Monday, May 2, 2022

May 2, 1939: Lou Gehrig's Streak Ends

Lou Gehrig at Briggs Stadium, May 2, 1939

May 2, 1939: The New York Yankees do something they haven't done since May 31, 1925: They played a regular-season game without Lou Gehrig in it.

In between, he had batted .346, collected 2,750 hits, hit 492 home runs, had 1,983 RBIs, appeared in baseball's 1st 6 All-Star Games, won 7 American League Pennants and 6 World Series.

But he had slown down a bit in 1938. Early in the 1939 season, he looked terrible. And so, on this day, as the Yankees were about to start a series against the Detroit Tigers at Briggs Stadium in Detroit (renamed Tiger Stadium in 1961), he told manager Joe McCarthy he should be taken out of the lineup.

He performed his duty as team Captain, and presented the lineup card to the umpires. When the Tigers' public-address announcer listed the Yankees' lineup, he concluded by announcing that Gehrig would not be playing, ending his streak at 2,130 consecutive games.
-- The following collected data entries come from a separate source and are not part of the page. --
Lemma finsum_incl_le (l0 l : list L) f : (forall x, 0 <= f x) ->
  NoDup l0 -> NoDup l -> incl l0 l -> finsum l0 f <= finsum l f.
Proof.
  intros Hf. revert l. induction l0 as [|x l0 IH]; intros l H0 Hl Hincl.
  - apply finsum_ge0; auto.
  - inversion H0; subst. simpl.
    rewrite (finsum_remove l x f Hl) by (apply Hincl; left; auto).
    enough (finsum l0 f <= finsum (remove Ldec x l) f) by lra.
    apply IH; auto using NoDup_remove_Ldec.
    intros y Hy. apply in_in_remove; [intros ->; tauto | apply Hincl; right; auto].
Qed.

(* Any two finite index lists are dominated by their duplicate-free union, so the
   convergence along finite subsets can be tested on a common list. *)
Definition unionl (l1 l2 : list L) : list L := nodup Ldec (l1 ++ l2).

Lemma NoDup_unionl l1 l2 : NoDup (unionl l1 l2).
Proof. apply NoDup_nodup. Qed.
Lemma incl_unionl_l l1 l2 : incl l1 (unionl l1 l2).
Proof. intros x Hx. apply nodup_In, in_or_app; auto. Qed.
Lemma incl_unionl_r l1 l2 : incl l2 (unionl l1 l2).
Proof. intros x Hx. apply nodup_In, in_or_app; auto. Qed.

Lemma HasSum_le (f g : L -> R) s t :
  HasSum f s -> HasSum g t -> (forall x, f x <= g x) -> s <= t.
Proof.
  intros Hs Ht Hfg. destruct (Rle_dec s t) as [|Hts]; auto. exfalso.
  destruct (Hs ((s - t) / 2)) as [l0 [_ H0]]; [lra|].
  destruct (Ht ((s - t) / 2)) as [l1 [_ H1]]; [lra|].
  specialize (H0 _ (NoDup_unionl l0 l1) (incl_unionl_l l0 l1)).
  specialize (H1 _ (NoDup_unionl l0 l1) (incl_unionl_r l0 l1)).
  apply Rabs_def2 in H0, H1.
  pose proof (finsum_le (unionl l0 l1) f g (fun x _ => Hfg x)). lra.
Qed.

Lemma HasSum_unique (f : L -> R) s t : HasSum f s -> HasSum f t -> s = t.
Proof.
  intros Hs Ht. apply Rle_antisym; eapply HasSum_le; eauto; intros; lra.
Qed.

Lemma tsum_HasSum (f : L -> R) s : HasSum f s -> tsum f = s.
Proof.
  intros Hs. apply (HasSum_unique f); auto.
  unfold tsum. apply epsilon_spec. exists s; auto.
Qed.

Lemma HasSum_0 (f : L -> R) : (forall x, f x = 0) -> HasSum f 0.
Proof.
  intros Hf eps Heps. exists nil. split; [constructor|]. intros l _ _.
  rewrite finsum_eq0 by auto. rewrite Rminus_0_r, Rabs_R0. lra.
Qed.

Lemma tsum_0 (f : L -> R) : (forall x, f x = 0) -> tsum f = 0.
Proof. intros. apply tsum_HasSum, HasSum_0; auto. Qed.

Lemma HasSum_add (f g : L -> R) s t :
  HasSum f s -> HasSum g t -> HasSum (fun x => f x + g x) (s + t).
Proof.
  intros Hs Ht eps Heps.
  destruct (Hs (eps / 2)) as [l0 [_ H0]]; [lra|].
  destruct (Ht (eps / 2)) as [l1 [_ H1]]; [lra|].
  exists (unionl l0 l1). split; [apply NoDup_unionl|]. intros l Hl Hincl.
  specialize (H0 l Hl (incl_tran (incl_unionl_l _ _) Hincl)).
  specialize (H1 l Hl (incl_tran (incl_unionl_r _ _) Hincl)).
  apply Rabs_def2 in H0, H1.
  apply Rabs_def1; rewrite finsum_add; lra.
Qed.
When Gehrig's consecutive-games-played streak began on June 1, 1925, hardly anybody noticed. When it ended, everybody noticed. But the way he handled the end was pure class: He took himself out, in his own words, "for the good of the team," and there was no self-aggrandizement.
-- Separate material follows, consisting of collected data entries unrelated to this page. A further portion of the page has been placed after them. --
(* Let $f_1,\dots,f_N$, $\Phi$ and the iterates $x_k$, directions $d_k$ be as defined in the context (Algorithm X). If $d_k\ne 0$, then $\Phi'(x_k;d_k)<0$.
   Context: Standing assumptions: $f_1,\dots,f_N:\mathbb{R}^n\to\mathbb{R}$; (H1) there is $M\in\mathbb{R}$ with $f_j(x)\ge M$ for all $x$ and $j$; (H2) each $f_j\in C^1(\mathbb{R}^n)$ and there is a modulus of continuity $w$ (increasing $w:[0,\infty)\to[0,\infty)$, $w(0)=0$, continuous at $0$) with $\|\nabla f_j(x)-\nabla f_j(y)\|\le w(\|x-y\|)$ for all $x,y$ and $j$. Let $\Phi(x)=\max_{1\le j\le N}f_j(x)$, and $g'(x;d)=\lim_{t\to0^+}\frac{g(x+td)-g(x)}{t}$ denotes the directional derivative. Algorithm X: set $x_0=0$, $c=\sigma=\tfrac12$. At iteration $k$: let $G\in\mathbb{R}^{N\times n}$ have $j$-th row $\nabla f_j(x_k)^T$, $f=(f_1(x_k),\dots,f_N(x_k))^T$; let $\lambda$ be a solution of $\min_\lambda(\tfrac12\lambda^TGG^T\lambda-f^T\lambda)$ subject to $\sum_i\lambda_i=1$, $\lambda_i\ge0$; set $p_k=-G^T\lambda$, and $d_k=0$ if $p_k=0$, otherwise $d_k=p_k/\|p_k\|$. If $d_k=0$ set $\alpha_k=1$; otherwise $\alpha_k=\sigma^j$ where $j$ is the smallest nonnegative integer with $\Phi(x_k+\sigma^jd_k)<\Phi(x_k)+c\sigma^j\Phi'(x_k;d_k)$. Set $x_{k+1}=x_k+\alpha_kd_k$ and repeat. *)

From HB Require Import structures.
From mathcomp Require Import all_boot all_order all_algebra.
From mathcomp Require Import all_classical all_reals all_analysis.
Set Implicit Arguments. Unset Strict Implicit. Unset Printing Implicit Defensive.
Import Order.TTheory GRing.Theory Num.Theory.
Import numFieldNormedType.Exports.
Local Open Scope classical_set_scope.
Local Open Scope ring_scope.

(* Points of R^n are column vectors 'cV[R]_n.  The N functions of the paper
   are indexed by 'I_N.+1 (i.e. N.+1 >= 1 functions), so that Phi = max is
   well defined. *)

Section Defs.
Variable R : realType.

Definition edot (n : nat) (u v : 'cV[R]_n) : R := \sum_(i < n) u i 0 * v i 0.
Definition enorm (n : nat) (u : 'cV[R]_n) : R := Num.sqrt (edot u u).

Definition grad (n : nat) (f : 'cV[R]_n -> R) (x : 'cV[R]_n) : 'cV[R]_n :=
  \col_(i < n) ('d f x (delta_mx i 0 : 'cV[R]_n)).

Definition Phi (N n : nat) (f : 'I_N.+1 -> 'cV[R]_n -> R) (x : 'cV[R]_n) : R :=
  \big[Num.max/f ord0 x]_(j < N.+1) f j x.

Definition dquot (n : nat) (g : 'cV[R]_n -> R) (x d : 'cV[R]_n) : R -> R :=
  fun t => (g (x + t *: d) - g x) / t.
Definition dirder (n : nat) (g : 'cV[R]_n -> R) (x d : 'cV[R]_n) : R :=
  lim (dquot g x d t @[t --> 0^'+]).

Definition H1 (N n : nat) (f : 'I_N.+1 -> 'cV[R]_n -> R) : Prop :=
  exists M : R, forall j x, M <= f j x.

Definition is_modulus (w : R -> R) : Prop :=
  [/\ (forall a b, 0 <= a -> a <= b -> w a <= w b),
      w 0 = 0,
      (forall a, 0 <= a -> 0 <= w a) &
      w t @[t --> 0^'+] --> 0].

Definition H2 (N n : nat) (f : 'I_N.+1 -> 'cV[R]_n -> R) : Prop :=
  (forall j x, differentiable (f j) x) /\
  (forall j, continuous (grad (f j))) /\
  exists w : R -> R, is_modulus w /\
    forall j x y, enorm (grad (f j) x - grad (f j) y) <= w (enorm (x - y)).

Definition Gmat (N n : nat) (f : 'I_N.+1 -> 'cV[R]_n -> R) (x : 'cV[R]_n)
  : 'M[R]_(N.+1, n) := \matrix_(j, i) (grad (f j) x i 0).
Definition fvec (N n : nat) (f : 'I_N.+1 -> 'cV[R]_n -> R) (x : 'cV[R]_n)
  : 'cV[R]_N.+1 := \col_j f j x.

Definition qp_obj (N n : nat) (G : 'M[R]_(N.+1, n)) (fv lam : 'cV[R]_N.+1) : R :=
  2^-1 * (lam^T *m G *m G^T *m lam) 0 0 - (fv^T *m lam) 0 0.

Definition in_simplex (N : nat) (lam : 'cV[R]_N) : Prop :=
  \sum_(i < N) lam i 0 = 1 /\ forall i, 0 <= lam i 0.

Definition qp_sol (N n : nat) (f : 'I_N.+1 -> 'cV[R]_n -> R) (x : 'cV[R]_n)
  (lam : 'cV[R]_N.+1) : Prop :=
  in_simplex lam /\
  forall mu, in_simplex mu ->
    qp_obj (Gmat f x) (fvec f x) lam <= qp_obj (Gmat f x) (fvec f x) mu.

Definition pdir (N n : nat) (f : 'I_N.+1 -> 'cV[R]_n -> R) (x : 'cV[R]_n)
  (lam : 'cV[R]_N.+1) : 'cV[R]_n := - ((Gmat f x)^T *m lam).

Definition ddir (n : nat) (p : 'cV[R]_n) : 'cV[R]_n :=
  if p == 0 then 0 else (enorm p)^-1 *: p.

Definition cX : R := 2^-1.
Definition sigmaX : R := 2^-1.

Definition armijo_step (N n : nat) (f : 'I_N.+1 -> 'cV[R]_n -> R)
  (x d : 'cV[R]_n) (alpha : R) : Prop :=
  if d == 0 then alpha = 1 else
  let P (j : nat) := Phi f (x + sigmaX ^+ j *: d) <
                     Phi f x + cX * sigmaX ^+ j * dirder (Phi f) x d in
  exists j : nat, [/\ P j, (forall i, (i < j)%N -> ~ P i) & alpha = sigmaX ^+ j].

Definition runX (N n : nat) (f : 'I_N.+1 -> 'cV[R]_n -> R)
  (x : nat -> 'cV[R]_n) (lam : nat -> 'cV[R]_N.+1) (K : nat) : Prop :=
  [/\ x 0%N = 0,
      (forall k, (k <= K)%N -> qp_sol f (x k) (lam k)) &
      (forall k, (k < K)%N -> exists alpha,
          armijo_step f (x k) (ddir (pdir f (x k) (lam k))) alpha /\
          x k.+1 = x k + alpha *: ddir (pdir f (x k) (lam k)))].

End Defs.

From HB Require Import structures.
From mathcomp Require Import all_boot all_order all_algebra.
From mathcomp Require Import all_classical all_reals all_analysis.
From mathcomp Require Import lra.
Set Implicit Arguments. Unset Strict Implicit. Unset Printing Implicit Defensive.
Import Order.TTheory GRing.Theory Num.Theory.
Import numFieldNormedType.Exports.
Local Open Scope classical_set_scope.
Local Open Scope ring_scope.

(* Since Phi is a maximum of C^1 functions, Phi'(x; d) is the largest slope
   grad f_j(x) . d over the active indices j (those with f_j(x) = Phi(x)).
   If lambda solves the dual QP and p = -G^T lambda, the first-order
   optimality condition of the QP against the vertex e_j of the simplex
   reads grad f_j(x) . p <= f^T lambda - f_j(x) - |p|^2, and f^T lambda <= Phi(x);
   so every active slope along p is at most -|p|^2 < 0. *)

Section EuclideanDot.
Variables (R : realType) (n : nat).
Implicit Types u v w : 'cV[R]_n.

Lemma edotC u v : edot u v = edot v u.
Proof. by apply: eq_bigr => i _; rewrite mulrC. Qed.

Lemma edotDl u v w : edot (u + v) w = edot u w + edot v w.
Proof. by rewrite /edot -big_split; apply: eq_bigr => i _; rewrite mxE mulrDl. Qed.

Lemma edotNl u w : edot (- u) w = - edot u w.
Proof. by rewrite /edot -sumrN; apply: eq_bigr => i _; rewrite mxE mulNr. Qed.

Lemma edotZl a u w : edot (a *: u) w = a * edot u w.
Proof. by rewrite /edot mulr_sumr; apply: eq_bigr => i _; rewrite mxE mulrA. Qed.

Lemma edotBl u v w : edot (u - v) w = edot u w - edot v w.
Proof. by rewrite edotDl edotNl. Qed.

Lemma edotDr u v w : edot w (u + v) = edot w u + edot w v.
Proof. by rewrite !(edotC w) edotDl. Qed.

Lemma edotNr u w : edot w (- u) = - edot w u.
Proof. by rewrite !(edotC w) edotNl. Qed.

Lemma edotZr a u w : edot w (a *: u) = a * edot w u.
Proof. by rewrite !(edotC w) edotZl. Qed.

Lemma edotBr u v w : edot w (u - v) = edot w u - edot w v.
Proof. by rewrite edotDr edotNr. Qed.

Lemma edotxx_ge0 u : 0 <= edot u u.
Proof. by apply: sumr_ge0 => i _; rewrite -expr2 sqr_ge0. Qed.

Lemma edotxx_gt0 u : u != 0 -> 0 < edot u u.
Proof.
move=> u0; rewrite lt_def edotxx_ge0 andbT; apply: contra u0.
rewrite /edot psumr_eq0 => [/allP u_0|i _]; last by rewrite -expr2 sqr_ge0.
apply/eqP/matrixP => i j; rewrite ord1 mxE.
by have /u_0 := mem_index_enum i; rewrite /= mulf_eq0 orbb => /eqP.
Qed.

Lemma trmx_mul_edot u v : (u^T *m v) 0 0 = edot u v.
Proof. by rewrite mxE; apply: eq_bigr => i _; rewrite mxE. Qed.

Lemma edot_delta u (j : 'I_n) : edot u (delta_mx j 0) = u j 0.
Proof.
rewrite /edot (bigD1 j) //= big1 ?addr0 => [|i /negbTE ij]; rewrite mxE.
  by rewrite !eqxx mulr1.
by rewrite ij mulr0.
Qed.

End EuclideanDot.

Section DirectionalQuotient.
Variables (R : realType) (n : nat).
Implicit Types (g : 'cV[R]_n -> R) (x d : 'cV[R]_n).

Lemma diff_grad g x d : 'd g x d = edot (grad g x) d.
Proof.
rewrite {1}(matrix_sum_delta d) linear_sum; apply: eq_bigr => i _.
by rewrite big_ord1 linearZ /= mxE mulrC.
Qed.

Lemma dquotE g x d t : t != 0 -> g (x + t *: d) = g x + t * dquot g x d t.
Proof. by move=> t0; rewrite /dquot mulrC divfK // subrKC. Qed.

Lemma dquot_cvg g x d :
  differentiable g x -> dquot g x d t @[t --> 0^'+] --> 'd g x d.
Proof.
move=> dg; rewrite -deriveE //; apply: cvg_dnbhs_at_right.
have -> : dquot g x d = (fun h : R => h^-1 *: ((g \o shift x) (h *: d) - g x)).
  by apply/funext => h; rewrite /dquot /= [h *: d + x]addrC mulrC.
exact: diff_derivable.
Qed.

Lemma near_lt_slope g x d s : differentiable g x -> 'd g x d < s ->
  \forall t \near 0^'+, g (x + t *: d) < g x + t * s.
Proof.
move=> dg lt_s; have q_lt := cvgr_lt _ (dquot_cvg (d:=d) dg) _ lt_s.
near=> t; have t0 : 0 < t by near: t; exact: nbhs_right_gt.
by rewrite dquotE ?gt_eqF // ltrD2l ltr_pM2l //; near: t; exact: q_lt.
Unshelve. all: by end_near.
Qed.

Lemma near_lt_above g x d P s : differentiable g x -> g x < P ->
  \forall t \near 0^'+, g (x + t *: d) < P + t * s.
Proof.
move=> dg gxP.
have : (fun t => t * (dquot g x d t - s)) @ 0^'+ --> 0 * ('d g x d - s).
  apply: cvgM; first exact: cvg_at_right_filter cvg_id.
  by apply: cvgB; [exact: dquot_cvg | exact: cvg_cst].
rewrite mul0r => /cvgr_lt /(_ (P - g x)); rewrite subr_gt0 => /(_ gxP) small.
near=> t; have t0 : 0 < t by near: t; exact: nbhs_right_gt.
have : t * (dquot g x d t - s) < P - g x by near: t.
by rewrite dquotE ?gt_eqF //; lra.
Unshelve. all: by end_near.
Qed.

End DirectionalQuotient.

Section MaxFunction.
Variables (R : realType) (N n : nat) (f : 'I_N.+1 -> 'cV[R]_n -> R).

Lemma le_Phi x j : f j x <= Phi f x.
Proof. by rewrite /Phi (bigD1 j) //= le_max lexx. Qed.

Lemma Phi_attained x : exists j, Phi f x = f j x.
Proof.
apply: (big_ind (fun v => exists j, v = f j x)); first by exists ord0.
  by move=> _ _ [i ->] [k ->]; case: leP; [exists k | exists i].
by move=> i _; exists i.
Qed.

Lemma Phi_lt x c : (forall j, f j x < c) -> Phi f x < c.
Proof. by have [j ->] := Phi_attained x; apply. Qed.

Lemma Phi_dquot_cvg x d : (forall j, differentiable (f j) x) ->
  exists2 j, f j x = Phi f x & dquot (Phi f) x d t @[t --> 0^'+] --> 'd (f j) x d.
Proof.
move=> df; have [j0 /esym j0_act] := Phi_attained x.
pose active j := f j x == Phi f x.
case: (@arg_maxP _ _ _ j0 active (fun j => 'd (f j) x d)); first exact/eqP.
move=> js /eqP js_act js_max; exists js => //.
set L := 'd (f js) x d; apply/cvgrPdist_lt => e e0.
have below_all : \forall t \near 0^'+,
    forall j, f j (x + t *: d) < Phi f x + t * (L + e).
  apply: filter_forall => j; have := le_Phi x j; rewrite le_eqVlt.
  case/orP => [/eqP j_act | ]; last exact: near_lt_above.
  rewrite -j_act; apply: near_lt_slope => //.
  by apply: (le_lt_trans (js_max j _)); [exact/eqP | rewrite ltrDl].
have above_js := cvgr_gt _ (dquot_cvg (d:=d) (df js)) (L - e).
near=> t; have t0 : 0 < t by near: t; exact: nbhs_right_gt.
have : Phi f (x + t *: d) < Phi f x + t * (L + e).
  by apply: Phi_lt; near: t.
have : L - e < dquot (f js) x d t by near: t; apply: above_js; rewrite gtrBl.
have := le_Phi (x + t *: d) js.
rewrite !dquotE ?gt_eqF // js_act => le_js js_lb Phi_ub.
rewrite ltr_distlC; apply/andP; split.
  by apply: (lt_le_trans js_lb); rewrite -(ler_pM2l t0); lra.
by rewrite -(ltr_pM2l t0); lra.
Unshelve. all: by end_near.
Qed.

End MaxFunction.

Section DualQP.
Variable R : realType.

Lemma in_simplex_delta N (j : 'I_N) : in_simplex (delta_mx j 0 : 'cV[R]_N).
Proof.
split=> [|i]; last by rewrite mxE ler0n.
rewrite (bigD1 j) //= big1 ?addr0 => [|i /negbTE ij]; rewrite mxE.
  by rewrite !eqxx.
by rewrite ij.
Qed.

Lemma in_simplex_segment N (lam mu : 'cV[R]_N) s :
  in_simplex lam -> in_simplex mu -> 0 <= s <= 1 ->
  in_simplex (lam + s *: (mu - lam)).
Proof.
move=> [lam1 lam_ge0] [mu1 mu_ge0] /andP[s0 s1]; split=> [|i].
  under eq_bigr do rewrite !mxE.
  by rewrite big_split /= -mulr_sumr sumrB lam1 mu1 subrr mulr0 addr0.
by rewrite !mxE; have := lam_ge0 i; have := mu_ge0 i; nra.
Qed.

Lemma qp_objE m n (G : 'M[R]_(m.+1, n)) fv lam :
  qp_obj G fv lam = 2^-1 * edot (G^T *m lam) (G^T *m lam) - edot fv lam.
Proof.
rewrite /qp_obj -[lam^T *m G]trmxK trmx_mul trmxK -mulmxA.
by rewrite !trmx_mul_edot.
Qed.

(* A minimiser over the simplex cannot be improved along any segment
   [lam, mu]: the quadratic s |-> qp_obj (lam + s (mu - lam)) would otherwise
   decrease at s = -a / (Q - a), which lies in (0, 1] because its slope a at 0
   is negative and its curvature Q is nonnegative. *)
Lemma qp_min_first_order m n (G : 'M[R]_(m.+1, n)) fv lam mu :
  in_simplex lam ->
  (forall nu, in_simplex nu -> qp_obj G fv lam <= qp_obj G fv nu) ->
  in_simplex mu ->
  0 <= edot (G^T *m lam) (G^T *m mu - G^T *m lam) - edot fv (mu - lam).
Proof.
move=> lam_s lam_min mu_s.
set v := G^T *m lam; set w := G^T *m mu.
set a := edot v (w - v) - edot fv (mu - lam).
rewrite leNgt; apply/negP => a_lt0.
set Q := edot (w - v) (w - v).
have Q_ge0 : 0 <= Q by exact: edotxx_ge0.
set s := - a / (Q - a).
have s_def : s * (Q - a) = - a by rewrite /s mulfVK // gt_eqF //; lra.
have s_gt0 : 0 < s by rewrite /s divr_gt0 ?oppr_gt0 //; lra.
have s_01 : 0 <= s <= 1.
  by rewrite ltW //= /s ler_pdivrMr ?mul1r; lra.
have := lam_min _ (in_simplex_segment lam_s mu_s s_01).
rewrite !qp_objE -/v mulmxDr -scalemxAr mulmxBr -/w.
have a_def : a = edot v w - edot v v - (edot fv mu - edot fv lam).
  by rewrite /a !(edotBl, edotBr).
have Q_def : Q = edot w w - 2 * edot v w + edot v v.
  by rewrite /Q !(edotBl, edotBr) (edotC w v); lra.
rewrite !(edotDl, edotDr, edotZl, edotZr, edotNl, edotNr) (edotC w v).
rewrite a_def in s_def a_lt0; rewrite Q_def in s_def; nra.
Qed.

Variables (N n : nat) (f : 'I_N.+1 -> 'cV[R]_n -> R).

Lemma edot_fvec_le_Phi x lam : in_simplex lam -> edot (fvec f x) lam <= Phi f x.
Proof.
move=> [lam1 lam_ge0]; apply: (@le_trans _ _ (\sum_i Phi f x * lam i 0)).
  by apply: ler_sum => i _; rewrite mxE ler_wpM2r // le_Phi.
by rewrite -mulr_sumr lam1 mulr1.
Qed.

Lemma Gmat_delta x j : (Gmat f x)^T *m delta_mx j 0 = grad (f j) x.
Proof. by rewrite -colE; apply/matrixP => i k; rewrite ord1 !mxE. Qed.

Lemma active_grad_pdir x lam j : qp_sol f x lam -> f j x = Phi f x ->
  edot (grad (f j) x) (pdir f x lam) <= - edot (pdir f x lam) (pdir f x lam).
Proof.
move=> [lam_s lam_min] j_act.
have := qp_min_first_order lam_s lam_min (in_simplex_delta j).
have := edot_fvec_le_Phi x lam_s.
rewrite Gmat_delta /pdir edotBr edot_delta !(edotBr, edotNl, edotNr) opprK.
by rewrite mxE (edotC (grad _ _)) j_act; lra.
Qed.

Lemma active_slope_lt0 x lam j : qp_sol f x lam -> f j x = Phi f x ->
  ddir (pdir f x lam) != 0 -> 'd (f j) x (ddir (pdir f x lam)) < 0.
Proof.
move=> lam_sol j_act; rewrite diff_grad /ddir.
case: ifP => [_ | /negbT p0 _]; first by rewrite eqxx.
rewrite edotZr pmulr_rlt0 ?invr_gt0 ?sqrtr_gt0 ?edotxx_gt0 //.
by have := active_grad_pdir lam_sol j_act; have := edotxx_gt0 p0; lra.
Qed.

End DualQP.

Theorem theorem3 (R : realType) (N n : nat) (f : 'I_N.+1 -> 'cV[R]_n -> R)
  (hH1 : H1 f) (hH2 : H2 f)
  (x : nat -> 'cV[R]_n) (lam : nat -> 'cV[R]_N.+1) (K : nat)
  (hrun : runX f x lam K) :
  let d := ddir (pdir f (x K) (lam K)) in
  d != 0 ->
  exists l : R, dquot (Phi f) (x K) d t @[t --> 0^'+] --> l /\ l < 0.
Proof.
move=> d d0; case: hrun => _ qp_sols _; case: hH2 => df _.
have [j j_act Phi_cvg] := Phi_dquot_cvg d (df ^~ (x K)).
exists ('d (f j) (x K) d); split; first exact: Phi_cvg.
exact: (active_slope_lt0 (qp_sols K (leqnn K)) j_act d0).
Qed.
Playing 1st base for the Yankees that day would be Ellsworth Tenney "Babe" Dahlgren. He had a Ruthian nickname, and put up a Gehrigesque performance, going 2-for-5 with a home run and 2 RBIs. All 3 outfielders also hit home runs: Charlie Keller, Tommy Henrich and George Selkirk. Oddly, another superstar, Joe DiMaggio, also didn't play that day, due to an ankle injury.

Red Ruffing went the distance for the Yankees. Tiger starter Vern Kennedy did not get out of the 1st inning. Hank Greenberg, the Tigers' biggest star, went 0-for-3. The Yankees won, 22-2, and it remains the biggest margin of victory in franchise history.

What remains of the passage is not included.